San Miguel has been so successful that other conglomerates followed in, belatedly, Ang’s footsteps. The likes of Ayala, Gokongwei, George Ty, and Manuel Pangilinan also went vigorously into infrastructure, tollways, and energy even while trying to remain dominant in their traditional core businesses.    In telco, Ayala, PLDT and JG Summit have found to their chagrin that it is very much a mature business with growth in revenues in low single digits.

San Miguel has become so big it literally, and figuratively, fuels the progress of the nation.   Its products and services make a significant difference in the lives of the people by meeting both their basic, human needs and their aspirational needs.

Other large conglomerates did not do as well as SMC in terms of annual average increase in revenues during the five-year period 2010 to 2014.   

Lopez Holdings Corp. (formerly Benpres) of the Lopez family that owns stakes in ABS-CBN, Rockwell, construction and renewable energy showed an average increase in sales per year of 46 percent. Alliance Global Group Inc., the real estate, liquor, and fastfood conglomerate of Andrew Tan, grew sales at 36 percent per year; Ayala Corp. by 17.5 percent, SM Investments Corp. of Henry Sy Sr. by 10 percent, JG Summit Holdings of taipan John Gokongwei Jr. by 9 percent, and Philippine Long Distance Telephone Co. of Indonesia’s Salim group and Manny V. Pangilinan by 3.67 percent.
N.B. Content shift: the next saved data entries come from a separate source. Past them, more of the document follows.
Lemma relabel_bd c t : (forall s, c s != 0 -> s \subset m @: D) ->
  bd (relabel m D c) t = relabel m D (bd c) t.
Proof.
move=> csupp; rewrite [RHS]/relabel.
have [tD|tD] := boolP (t \subset D); last first.
  rewrite /bd; case: ifP => // _; apply: big1 => v _.
  rewrite /relabel ifF ?mulr0 //; apply/negbTE; apply: contra tD.
  exact: subset_trans (subsetU1 v t).
have [->|t0] := eqVneq t set0; first by rewrite /bd imset0 !eqxx mulr0.
rewrite bd_relabel_sum // bd_imset_sum // mulr_sumr.
apply: eq_bigr => v; rewrite inE => /andP[vt vD].
have vtD : v |: t \subset D by rewrite subUset sub1set vD tD.
rewrite /relabel vtD imsetU1 !sgn_setU1_self mulrA sgn_inversion_signU1 //; first ring.
by move=> u w /(subsetP vtD) uD /(subsetP vtD) wD; apply: m_inj.
Qed.

End Relabel.

Lemma relabelK (F : fieldType) (T1 T2 : finType) (m : T1 -> T2) (m' : T2 -> T1)
    (D : {set T1}) (D' : {set T2}) (c : chain F T1) :
  (forall u, u \in D -> m u \in D' /\ m' (m u) = u) ->
  (forall s, c s != 0 -> s \subset D) ->
  relabel m D (relabel m' D' c) = c.
Proof.
move=> mD csupp; apply: funext => s; rewrite /relabel.
have [sD|sD] := boolP (s \subset D); last by apply/esym/eqP; apply: contraNT sD => /csupp.
have mK u : u \in s -> m' (m u) = u by move=> /(subsetP sD) /mD [].
have minj : {in s &, injective m} by move=> u w us ws muw; rewrite -(mK u) // muw mK.
rewrite ifT; last by apply/subsetP => _ /imsetP[u /(subsetP sD) /mD [] ? _ ->].
have -> : m' @: (m @: s) = s.
  rewrite -imset_comp; apply/setP => u; apply/imsetP/idP => [[w ws ->]|us].
    by rewrite /= mK.
  by exists u => //=; rewrite mK.
rewrite mulrA -[RHS]mul1r; congr (_ * _).
rewrite /inversion_sign big_imset //=.
under [X in _ * X]eq_bigr => u us do rewrite big_imset //=.
under [X in _ * X]eq_bigr => u us do under eq_bigr => w ws do rewrite !mK //.
rewrite [X in X * _]exchange_big /= -big_split /=.
by apply: big1 => u _; rewrite -big_split /=; apply: big1 => w _; rewrite andbC -expr2 sqrr_sign.
Qed.

Lemma card_setU1D1 (T : finType) (b x0 : T) (t : {set T}) : b \notin t -> x0 \in t ->
  #|(b |: t) :\ x0| = #|t|.
Proof.
move=> bt x0t; have x0in : x0 \in b |: t by rewrite !inE x0t orbT.
by have := cardsD1 x0 (b |: t); rewrite x0in cardsU1 bt add1n => -[].
Qed.

Section CollapseSeq.
Variables (F : fieldType) (T : finType) (r : T -> T) (moved : pred T).
Hypothesis moved_neq_r : forall b, moved b -> b != r b.
Hypothesis r_unmoved : forall b, moved b -> ~~ moved (r b).
Implicit Types (l : seq T) (s t : {set T}) (c : chain F T) (P Q : {set T} -> Prop).

Fixpoint collapse_seq l c : chain F T :=
  if l is b :: l' then collapse b (r b) (collapse_seq l' c) else c.

Lemma collapse_seq_is_linear l : is_linear (collapse_seq l).
Proof. by elim: l => [//|b l IH] a c d /=; rewrite IH collapse_is_linear. Qed.

Lemma collapse_seq_bd l c : collapse_seq l (bd c) = bd (collapse_seq l c).
Proof. by elim: l => [//|b l IH] /=; rewrite IH collapse_bd. Qed.

Lemma collapse_seq_id l c : all moved l ->
  (forall s b, b \in l -> b \in s -> c s = 0) -> collapse_seq l c = c.
Proof.
elim: l => [//|b l IH] /= /andP[bm lm] Hc.
rewrite IH //; last by move=> s b' b'l; apply: Hc; rewrite inE b'l orbT.
by apply: (collapse_id (moved_neq_r bm)) => s; apply: Hc (mem_head _ _).
Qed.

Lemma collapse_seq_notin l c t b : all moved l -> b \in l ->
  collapse_seq l c t != 0 -> b \notin t.
Proof.
elim: l t => [//|b0 l IH] t /= /andP[b0m lm] bl.
move=> /(collapse_neq0 (moved_neq_r b0m)) [b0t H].
move: bl; rewrite inE => /orP[/eqP -> //|bl].
have {}IH t' : collapse_seq l c t' != 0 -> b \notin t' := IH t' lm bl.
case: H => [/IH -> //|[rt /IH]].
apply: contra => bt; rewrite !inE bt orbT andbT.
by apply: contraTneq bl => ->; apply: contraNN (r_unmoved b0m); apply: (allP lm).
Qed.

Lemma collapse_seq_chain P k l c : all moved l ->
  (forall b t, moved b -> b \notin t -> r b \in t -> P ((b |: t) :\ r b) -> P t) ->
  is_chain P k c -> is_chain P k (collapse_seq l c).
Proof.
move=> + HP Hc; elim: l => [//|b l IH] /= /andP[bm /IH {}IH].
move=> t /(collapse_neq0 (moved_neq_r bm)) [bt [/IH //|[rt /IH [Ps cs]]]].
by split; [apply: HP Ps | rewrite -cs card_setU1D1].
Qed.

Lemma collapse_seq_homologous P Q k l c : all moved l ->
  (forall b t, moved b -> b \notin t -> r b \in t -> P ((b |: t) :\ r b) -> P t) ->
  (forall b s, moved b -> P s -> b \in s -> Q (r b |: s)) ->
  is_cycle P k c -> homologous Q k (collapse_seq l c) c.
Proof.
move=> + HP HQ [Hc bc]; elim: l => [|b l IH] /=; first by move=> _; apply: homologous_eqfun.
move=> /andP[bm lm]; have cyc : is_cycle P k (collapse_seq l c).
  split; first exact: collapse_seq_chain HP Hc.
  move=> s; rewrite -collapse_seq_bd (_ : bd c = fun _ => 0); last exact: funext.
  by rewrite (linear0 (collapse_seq_is_linear l)).
have : homologous Q k (collapse b (r b) (collapse_seq l c)) (collapse_seq l c).
  by apply: (collapse_homologous (moved_neq_r bm) _ cyc) => s; apply: HQ.
move=> /(is_boundaryD (IH lm)); congr is_boundary; apply: funext => s; ring.
Qed.

End CollapseSeq.

Section IntervalDistance.
Variables (R : realType) (X : finType) (d : R -> X -> X -> R).
Hypothesis d_ge0 : forall t x y, 0 <= d t x y.

Lemma has_lbound_dist_int a b x y : has_lbound [set d t x y | t in [set t : R | a <= t <= b]].
Proof. by exists 0 => _ [t _ <-]. Qed.

Lemma dist_int_le a b t x y : a <= t <= b -> dist_int d a b x y <= d t x y.
Proof. by move=> tab; apply: (ge_inf (has_lbound_dist_int a b x y)); exists t. Qed.

Lemma dist_int_approx a b x y eta : a <= b -> 0 < eta ->
  exists2 t, a <= t <= b & d t x y < dist_int d a b x y + eta.
Proof.
move=> ab eta0.
have [|_ [t tab <-] H] :=
  inf_adherent eta0 (E := [set d t x y | t in [set t : R | a <= t <= b]]).
  split; last exact: has_lbound_dist_int.
  by exists (d a x y); exists a => //; apply/andP; split.
by exists t.
Qed.

Lemma le_dist_int a b a' b' x y : a' <= a -> a <= b -> b <= b' ->
  dist_int d a' b' x y <= dist_int d a b x y.
Proof.
move=> a'a ab bb'; apply/ler_addgt0Pr => eta eta0.
have [t /andP[a_t t_b] H] := dist_int_approx x y ab eta0.
by apply: le_trans (ltW H); apply: dist_int_le; rewrite (le_trans a'a a_t) (le_trans t_b bb').
Qed.

End IntervalDistance.

Lemma dist_int_vee_le (R : realType) (X Y : finType) (dX : R -> X -> X -> R)
    (dY : R -> Y -> Y -> R) (e a b : R) x x' y y' :
  (forall t x y, 0 <= dX t x y) -> (forall t x y, 0 <= dY t x y) -> 0 <= e -> a <= b ->
  (forall t, vee dY t e y y' <= dX t x x' + 2 * e) ->
  dist_int dY (a - e) (b + e) y y' <= dist_int dX a b x x' + 2 * e.
Proof.
move=> hX hY e0 ab H; apply/ler_addgt0Pr => eta eta0.
have [t /andP[a_t t_b] Ht] := dist_int_approx hX x x' ab eta0.
have := H t; rewrite /vee -/(dist_int dY (t - e) (t + e) y y') => Hv.
have : dist_int dY (a - e) (b + e) y y' <= dist_int dY (t - e) (t + e) y y'.
  by apply: (le_dist_int hY); lra.
lra.
Qed.

Lemma rips_subset (R : realType) (X : finType) (d : R -> X -> X -> R) S a b dl
    (s t : {set X}) :
  rips d S a b dl s -> t != set0 -> t \subset s -> rips d S a b dl t.
Proof.
move=> [s0 sS sd] t0 ts; split => //; first exact: subset_trans ts sS.
by move=> x y xt yt; apply: sd; apply: (subsetP ts).
Qed.

Lemma interleaved_sym (R : realType) (F : fieldType) (T1 T2 : finType)
    (K1 : filt R T1) (K2 : filt R T2) k e :
  interleaved F K1 K2 k e -> interleaved F K2 K1 k e.
Proof. by move=> [f [g [hf hg H1 H2]]]; exists g, f; split. Qed.

Lemma dI_le (R : realType) (F : fieldType) (T1 T2 : finType) (K1 : filt R T1)
    (K2 : filt R T2) k (e : R) :
  0 <= e -> interleaved F K1 K2 k e -> (dI F K1 K2 k <= e%:E)%E.
Proof. by move=> e0 H; apply: ge_ereal_inf; exists e%:E => //; exists e. Qed.

Lemma hom_family_const (R : realType) (F : fieldType) (T1 T2 : finType)
    (K1 : filt R T1) (K2 : filt R T2) (k : nat) (e : R) (f : chain F T1 -> chain F T2) :
  is_linear f ->
  (forall a b dl j c, a <= b -> is_chain (K1 a b dl) j c ->
     is_chain (K2 (a - e) (b + e) (dl + e)) j (f c)) ->
  (forall a b dl j c, a <= b -> is_chain (K1 a b dl) j c -> bd (f c) = f (bd c)) ->
  hom_family K1 K2 k e (fun _ _ _ => f).
Proof.
move=> lf fchain fbd a b dl ab _; split=> //.
- move=> z [zc zb]; split; first exact: fchain zc.
  move=> s; rewrite (fbd _ _ _ _ _ ab zc) (_ : bd z = fun _ => 0) ?(linear0 lf) //.
  exact: funext.
- move=> z [c [cc zc]]; exists (f c); split; first exact: fchain cc.
  by move=> s; rewrite (fbd _ _ _ _ _ ab cc) (_ : z = bd c) //; apply: funext.
- by move=> *; apply: homologous_eqfun.
Qed.

Section ImageInterleaving.
Variables (R : realType) (F : fieldType) (X Y : finType).
Variables (dX : R -> X -> X -> R) (dY : R -> Y -> Y -> R).
Hypotheses (dX_ge0 : forall t x y, 0 <= dX t x y) (dY_ge0 : forall t x y, 0 <= dY t x y).
Variables (phi : X -> Y) (e : R).
Hypothesis e_ge0 : 0 <= e.
Hypothesis phi_le : forall (a b : R) x x', a <= b ->
  dist_int dY (a - e) (b + e) (phi x) (phi x') <= dist_int dX a b x x' + 2 * e.
Hypothesis phi_ge : forall (a b : R) x x', a <= b ->
  dist_int dX (a - e) (b + e) x x' <= dist_int dY a b (phi x) (phi x') + 2 * e.
Variables (S : {set X}) (psi : Y -> X).
Hypothesis psiK : forall y, y \in phi @: S -> psi y \in S /\ phi (psi y) = y.
Implicit Types (a b dl : R) (s t : {set X}).

Local Notation S' := (phi @: S).

Definition reps := psi @: S'.
Definition retr x := psi (phi x).
Definition unreps := [pred x | x \in S :\: reps].

Lemma reps_sub : reps \subset S.
Proof. by apply/subsetP => _ /imsetP[y /psiK [] ? _ ->]. Qed.

Lemma retr_id x : x \in reps -> retr x = x.
Proof. by move=> /imsetP[y /psiK [_ py] ->]; rewrite /retr py. Qed.

Lemma phi_retr x : x \in S -> phi (retr x) = phi x.
Proof. by move=> xS; have [] := psiK (imset_f phi xS). Qed.

Lemma retr_reps x : x \in S -> retr x \in reps.
Proof. by move=> xS; apply: imset_f; apply: imset_f. Qed.

Lemma unreps_neq_retr x : unreps x -> x != retr x.
Proof.
by rewrite /unreps /= !inE => /andP[xA xS]; apply: contraNneq xA => ->; apply: retr_reps.
Qed.

Lemma retr_unreps x : unreps x -> ~~ unreps (retr x).
Proof. by rewrite /unreps /= !inE => /andP[_ xS]; rewrite retr_reps. Qed.

Lemma psi_inj : {in S' &, injective psi}.
Proof. by move=> y y' /psiK [_ py] /psiK [_ py'] E; rewrite -py -py' E. Qed.

Lemma phi_inj : {in reps &, injective phi}.
Proof. by move=> u u' uA u'A E; rewrite -(retr_id uA) -(retr_id u'A) /retr E. Qed.

Lemma dist_int_phi_le a b dl x x' : a <= b -> dist_int dX a b x x' <= dl ->
  dist_int dY (a - 2 * e) (b + 2 * e) (phi x) (phi x') <= dl + 2 * e.
Proof.
move=> ab H; have e0 := e_ge0; have := phi_le x x' ab.
have : dist_int dY (a - 2 * e) (b + 2 * e) (phi x) (phi x') <=
       dist_int dY (a - e) (b + e) (phi x) (phi x') by apply: (le_dist_int dY_ge0); lra.
lra.
Qed.

Lemma dist_int_le_phi a b dl u u' : a <= b -> dist_int dY a b (phi u) (phi u') <= dl ->
  dist_int dX (a - 2 * e) (b + 2 * e) u u' <= dl + 2 * e.
Proof.
move=> ab H; have e0 := e_ge0; have := phi_ge u u' ab.
have : dist_int dX (a - 2 * e) (b + 2 * e) u u' <= dist_int dX (a - e) (b + e) u u'.
  by apply: (le_dist_int dX_ge0); lra.
lra.
Qed.

Lemma dist_int_phi_eq a b dl x x' u u' : a <= b -> dist_int dX a b x x' <= dl ->
  phi u = phi x -> phi u' = phi x' ->
  dist_int dX (a - 2 * (2 * e)) (b + 2 * (2 * e)) u u' <= dl + 2 * (2 * e).
Proof.
move=> ab /(dist_int_phi_le ab) H pu pu'; rewrite -pu -pu' in H; have e0 := e_ge0.
have /dist_int_le_phi/(_ H) : a - 2 * e <= b + 2 * e by lra.
have -> : a - 2 * e - 2 * e = a - 2 * (2 * e) by ring.
have -> : b + 2 * e + 2 * e = b + 2 * (2 * e) by ring.
by have -> : dl + 2 * e + 2 * e = dl + 2 * (2 * e) by ring.
Qed.

(* Every simplex met while collapsing a cycle of [rips dX S] at [([a, b], dl)]
   onto [reps] is admissible: together with its image under [retr] it spans a
   simplex four [e] later, and its image under [phi] is a simplex two [e] later. *)
Definition admissible a b dl s :=
  rips dX S (a - 2 * (2 * e)) (b + 2 * (2 * e)) (dl + 2 * (2 * e)) (s :|: retr @: s) /\
  rips dY S' (a - 2 * e) (b + 2 * e) (dl + 2 * e) (phi @: s).

Lemma rips_admissible a b dl s : a <= b -> rips dX S a b dl s -> admissible a b dl s.
Proof.
move=> ab [s0 sS sd]; have [x1 x1s] := set0Pn _ s0.
have src u : u \in s :|: retr @: s -> exists2 x, x \in s & phi u = phi x.
  rewrite in_setU => /orP[us|/imsetP[x xs ->]]; first by exists u.
  by exists x => //; apply: phi_retr (subsetP sS x xs).
split; split.
- by apply/set0Pn; exists x1; rewrite in_setU x1s.
- rewrite subUset sS /=; apply/subsetP => _ /imsetP[x xs ->].
  exact: (subsetP reps_sub) (retr_reps (subsetP sS x xs)).
- by move=> u u' /src[x xs pu] /src[x' x's pu']; apply: dist_int_phi_eq pu pu' => //; apply: sd.
- by apply/set0Pn; exists (phi x1); apply: imset_f.
- exact: imsetS.
- by move=> _ _ /imsetP[x xs ->] /imsetP[x' x's ->]; apply: dist_int_phi_le => //; apply: sd.
Qed.

Lemma admissible_sub a b dl s : admissible a b dl s -> s \subset S.
Proof. by move=> [[_ H _] _]; apply: subset_trans H; apply: subsetUl. Qed.

Lemma admissible_uncollapse a b dl x t : unreps x -> x \notin t -> retr x \in t ->
  admissible a b dl ((x |: t) :\ retr x) -> admissible a b dl t.
Proof.
move=> xm xt rt [G1 G2]; have xS : x \in S by move: xm; rewrite /unreps /= !inE => /andP[].
have xr := unreps_neq_retr xm.
have rr : retr (retr x) = retr x by apply/retr_id/retr_reps.
have xt' : x \in (x |: t) :\ retr x by rewrite !inE eqxx andbT.
have tr w : w \in t -> w = retr x \/ w \in (x |: t) :\ retr x.
  by move=> wt; case: (eqVneq w (retr x)) => [|wr]; [left | right; rewrite !inE wr wt orbT].
split.
- apply: (rips_subset G1); first by apply/set0Pn; exists (retr x); rewrite in_setU rt.
  apply/subsetP => u; rewrite in_setU => /orP[/tr [->|ut]|/imsetP[w /tr [->|wt] ->]].
  + by rewrite in_setU; apply/orP; right; apply: imset_f.
  + by rewrite in_setU ut.
  + by rewrite rr in_setU; apply/orP; right; apply: imset_f.
  + by rewrite in_setU; apply/orP; right; apply: imset_f.
- apply: (rips_subset G2); first by apply/set0Pn; exists (phi (retr x)); apply: imset_f.
  apply/subsetP => _ /imsetP[w /tr [->|wt] ->]; last exact: imset_f.
  by rewrite phi_retr //; apply: imset_f.
Qed.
In the five years from 2010 to 2014, sales of SM Investments Corp. increased 109 percent (or 9.9 percent per year) from P184 billion to P275.7 billion; JG Summit by 45 percent (or 9 percent per year) from P129 billion to P187 billion; Ayala Corp. by 87.9 percent (or 17.5 percent per year) from P98 billion to P184.3 billion; PLDT by 18.35 percent (or    3.67 percent per year) from P144.45 billion to P170.96 billion; Alliance Global by 181.8 percent (or 36 percent per year) from P44.49 billion to P125.4 billion; Aboitiz Equity Ventures, by 42 percent (or 8.4 percent per year) from P83.74 billion to P119 billion; Lopez Holdings by 231 percent (42.6 percent per year) from P32 billion to P106.7 billion.

The moral of the story:    To grow big—diversify, acquire, intensify. Go into businesses that directly affect the huge needs of the people, both basic and aspirational.